The driver Maly, 45, was selected to be Shinta Mani’s first lady of tuk tuks because, as executive director Chitra Vincent explains, she is a strong character who overcame adversity many times in her life.

“Maly was born in Battambang and during the Khmer Rouge war her parents and two of her siblings were killed,” says Vincent. “So she and her brothers and sisters were on their own and when she was sixteen, she was given in marriage. After having three kids her husband left her and married somebody else. Then she was left with three kids and no skills, nothing.”

Maly was advised to move to Siem Reap where there were better work opportunities. Despite not knowing a soul, she moved and with no job, decided to buy an old motorbike with money saved and try to become a motodop.

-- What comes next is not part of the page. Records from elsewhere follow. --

Lemma presents_iso (A A' : structure pf_lang) (F F' : finFieldType) (h : F -> nat)
  (h' : F' -> nat) : presents A h -> presents A' h' ->
  #|F| = #|F'| -> iso A A'.
Proof.
move=> hA hA' card_eq; case: (hA) => [[F_prime h_inj _] [R0 R1 R2 R3]].
case: (hA') => [[_ h'_inj _] [R0' R1' R2' R3']].
have phi_inj : injective (@numeral_map F F') := numeral_map_inj F_prime card_eq.
pose phi := @numeral_map F F'.
pose f n := if [pick x | h x == n] is Some x then h' (phi x) else 0.
have fh x : f (h x) = h' (phi x).
  by rewrite /f; case: pickP => [y /eqP /h_inj -> // | /(_ x)]; rewrite eqxx.
exists f; split.
- move=> n; rewrite (presents_dom hA) => /codomP [x ->].
  by rewrite fh presents_in.
- move=> n m; rewrite !(presents_dom hA) => /codomP [x ->] /codomP [y ->].
  by rewrite !fh => /h'_inj /phi_inj ->.
- move=> n; rewrite (presents_dom hA') => /codomP [y ->].
  have [x <-] := numeral_map_surj F_prime card_eq y.
  by exists (h x); rewrite ?fh // presents_in.
- move=> i t Hi Hs /(presents_tuple hA) [xs Et]; subst t.
  have -> : map f (map h xs) = map h' (map phi xs).
    by rewrite -!map_comp; apply: eq_map => x /=; rewrite fh.
  move: Hs; rewrite size_map; case: i Hi => [|[|[|[|i]]]] // _;
    case: xs => [|x [|y [|z []]]] //= _.
  + by rewrite R0 R0' -(numeral_mapD F_prime card_eq) (inj_eq phi_inj).
  + by rewrite R1 R1' -(numeral_mapM F_prime card_eq) (inj_eq phi_inj).
  + by rewrite R2 R2' -(numeral_map0 F_prime card_eq) (inj_eq phi_inj).
  + by rewrite R3 R3' -(numeral_map1 F_prime card_eq) (inj_eq phi_inj).
Qed.

Lemma presents_card_iso (A A' : structure pf_lang) (F F' : finFieldType) (h : F -> nat)
    (h' : F' -> nat) (L : language) (C C' : structure L) :
  presents A h -> presents A' h' -> iso C C' ->
  (forall n, sdom C n = sdom A n) -> (forall n, sdom C' n = sdom A' n) -> #|F| = #|F'|.
Proof.
move=> hA hA' isoC dC dC'; rewrite -(size_codom h) -(size_codom h').
apply: (iso_card (presents_uniq hA) (presents_uniq hA') _ _ isoC) => n.
  by rewrite dC (presents_dom hA).
by rewrite dC' (presents_dom hA').
Qed.

(* Rigidity: a presented prime field whose diagram is contained in that of
   another one contains 0, 1 and is closed under + 1 in it, hence contains
   every numeral, hence all of it; the identity is then an isomorphism. *)
Section Rigidity.
Variables (B1 B2 : structure pf_lang) (F1 F2 : finFieldType).
Variables (h1 : F1 -> nat) (h2 : F2 -> nat).
Hypotheses (hB1 : presents B1 h1) (hB2 : presents B2 h2).
Hypothesis B12 : forall l, diagram B1 l -> diagram B2 l.

Lemma presents_numerals (k : nat) : h1 k%:R%R = h2 k%:R%R.
Proof.
case: hB1 hB2 => [[_ _ _] [R0 _ R2 R3]] [[_ _ _] [S0 _ S2 S3]].
have in1 := presents_in hB1.
have in2 x : exists y, h1 x = h2 y.
  have := in1 x; rewrite -diagram_self => /B12.
  rewrite diagram_self (presents_dom hB2) => /codomP [y ->].
  by exists y.
have rel12 i t := @diagram_inclusion_rel _ B1 B2 i t B12.
have [y0 E0] := in2 0%R; have [y1 E1] := in2 1%R.
have zero : h1 0%R = h2 0%R.
  by rewrite E0; congr h2; apply/eqP; rewrite -S2 -E0 rel12 //= ?in1 // R2.
have one : h1 1%R = h2 1%R.
  by rewrite E1; congr h2; apply/eqP; rewrite -S3 -E1 rel12 //= ?in1 // R3.
elim: k => [|k IH]; first exact: zero.
have [y Ey] := in2 (k%:R + 1)%R.
rewrite -natr1 Ey; congr h2; apply/eqP; rewrite eq_sym -natr1 -S0 -IH -one -Ey.
by rewrite rel12 //= ?in1 // R0.
Qed.

Lemma presents_rigid : iso B1 B2.
Proof.
case: hB2 => [[F2_prime _ _] _]; exists id; split=> //.
- by move=> n; rewrite -!diagram_self; apply: B12.
- move=> n; rewrite (presents_dom hB2) => /codomP [y ->].
  have [k ->] := numeral_surj F2_prime y; exists (h1 k%:R%R).
    exact: presents_in hB1 _.
  exact: presents_numerals.
- by move=> i t Hi Ht Hd; rewrite map_id (diagram_inclusion_rel B12 Hi Ht Hd).
Qed.
End Rigidity.

Lemma premises_hold (L : language) (A : structure L) a b :
  all (diagram A) [:: self_lit a; self_lit b] = sdom A a && sdom A b.
Proof. by rewrite /= !eqxx !andbT !andbb. Qed.

Lemma order_transform_yields (A : structure pf_lang) :
  yields order_transform A (nat_order (sdom A)).
Proof.
move=> [c [s t]]; split.
  case=> al [[a [b [[-> -> -> ->] | [-> -> -> ->]]]]];
    rewrite premises_hold => /andP [Da Db]; by rewrite /= Da Db !eqxx.
case: s => [|[|//]]; case: t => [|a [|b []]] //=; rewrite ?andbT -?andbA;
  move=> /and3P [Da Db /eqP ->]; exists [:: self_lit a; self_lit b];
  rewrite premises_hold Da Db; split=> //; exists a, b; by [left | right].
Qed.

Lemma order_transform_wf al ph : order_transform (al, ph) ->
  (exists C : structure pf_lang, finite_str C /\ all (diagram C) al) /\
  wf_lit flo_lang ph.
Proof.
case=> a [b [[-> ->] | [-> ->]]]; split=> //;
  exists (@Structure pf_lang (mem [:: a; b]) (fun _ _ => false));
  by split; [exists [:: a; b] | rewrite premises_hold /= !inE !eqxx ?orbT].
Qed.

Lemma order_transform_PF_FLO : comp_transformation PF FLO order_transform.
Proof.
split=> [|| A [F [h hA]]]; [exact: order_transform_ce | exact: order_transform_wf |].
exists (nat_order (sdom A)); split; last exact: order_transform_yields.
by apply: FLO_nat_order (presents_dom hA) _; exists (h 0%R); apply: presents_in hA _.
Qed.

(* Prime fields and finite orders are both classified by their size, which Phi
   preserves since Phi(A) has the universe of A. *)
Lemma order_transform_iso (A A' : structure pf_lang) (B B' : structure flo_lang) :
  PF A -> PF A' -> yields order_transform A B -> yields order_transform A' B' ->
  iso A A' <-> iso B B'.
Proof.
move=> [F [h hA]] [F' [h' hA']] YB YB'.
have dB := yields_unique YB (order_transform_yields A).
have dB' := yields_unique YB' (order_transform_yields A').
split=> [isoA | isoB].
  apply: iso_trans (iso_of_diagram dB) _.
  apply: iso_trans (iso_of_diagram (fun l => esym (dB' l))).
  apply: nat_order_iso (presents_uniq hA) (presents_uniq hA') (presents_dom hA)
    (presents_dom hA') _.
  by rewrite !size_codom (presents_card_iso hA hA' isoA).
have domB n : sdom B n = sdom A n by rewrite -diagram_self dB diagram_self.
have domB' n : sdom B' n = sdom A' n by rewrite -diagram_self dB' diagram_self.
exact: presents_iso hA hA' (presents_card_iso hA hA' isoB domB domB').
Qed.

Lemma le_PF_FLO : le_c PF FLO.
Proof.
exists order_transform; split; first exact: order_transform_PF_FLO.
by move=> A A' B B' PFA PFA'; apply: order_transform_iso.
Qed.

(* The orders 0 < ... < k-1: the chain of length 1 is not isomorphic to the
   chain of length 2, although its diagram is contained in the latter's. *)
Definition chain k := nat_order (fun n => n < k).

Lemma chain_dom k n : sdom (chain k) n = (n \in iota 0 k).
Proof. by rewrite mem_iota. Qed.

“I don’t know if she was the first woman motodop,” muses Vincent, “But that’s what she was doing and she sent money to support her sons. Two of them have now gone to Thailand, the third is still studying in Battambang.”

As luck would have it, a Shinta Mani staff member lives next door to Maly, and when the Foundation was looking for candidates, Maly’s name popped up.

“The reason that I decided to take her is that if you take a younger person I know they are going to be teased a lot by the other tuk tuk drivers,” says Vincent. “It’s not going to be easy, the first one. When I interviewed Maly I knew that she’d gone through a lot. Living alone in Siem Reap, she told me that one night four men broke into her house and she fought with them single-handedly. Looking at all the different stories she experienced, she is a tough character. So I thought she was perfect. And of course she speaks English because she’d been taking tourists to the temples, and a little bit of French.”

Maly’s very first customer was Sally Douglas from Women’s Resource Centre,  who gave Shinta Mani Foundation the idea of a female tuk tuk driver. Shinta Mani Hotel general manager Christian de Boer had seen a Facebook post of Douglas’s about her female driver in Phnom Penh, and was inspired.  

On Maly’s maiden drive on Thursday afternoon, she transported Douglas from Shinta Mani hotel to her office.  Douglas says Maly drove “cautiously” but confidently, delivering her safe and sound.

The Foundation is now seeking a second female tuk tuk driver,  a task De Boer feels will be somewhat easier with Maly paving the way.

“It all depends on this particular one lady,” says De Boer. He adds that if she can make enough money, other women will be motivated to become drivers.

He says, “I’m pretty sure that finding tuk tuk driver number two, female, is going to be relatively easy.”

Vincent feels it is not only tourists who will make up Maly’s customer base. “I know a lot of expats who want tuk tuks to drop their kids off at school. They want monthly deals.

Somebody who will really take care of their kids so they’d be really open, I think, to a woman doing it.”

“It’s a good thing and it’s the beginning of change,” adds De Boer. “Just like all those years ago it wasn’t normal for a female to be a tour guide and now it is.”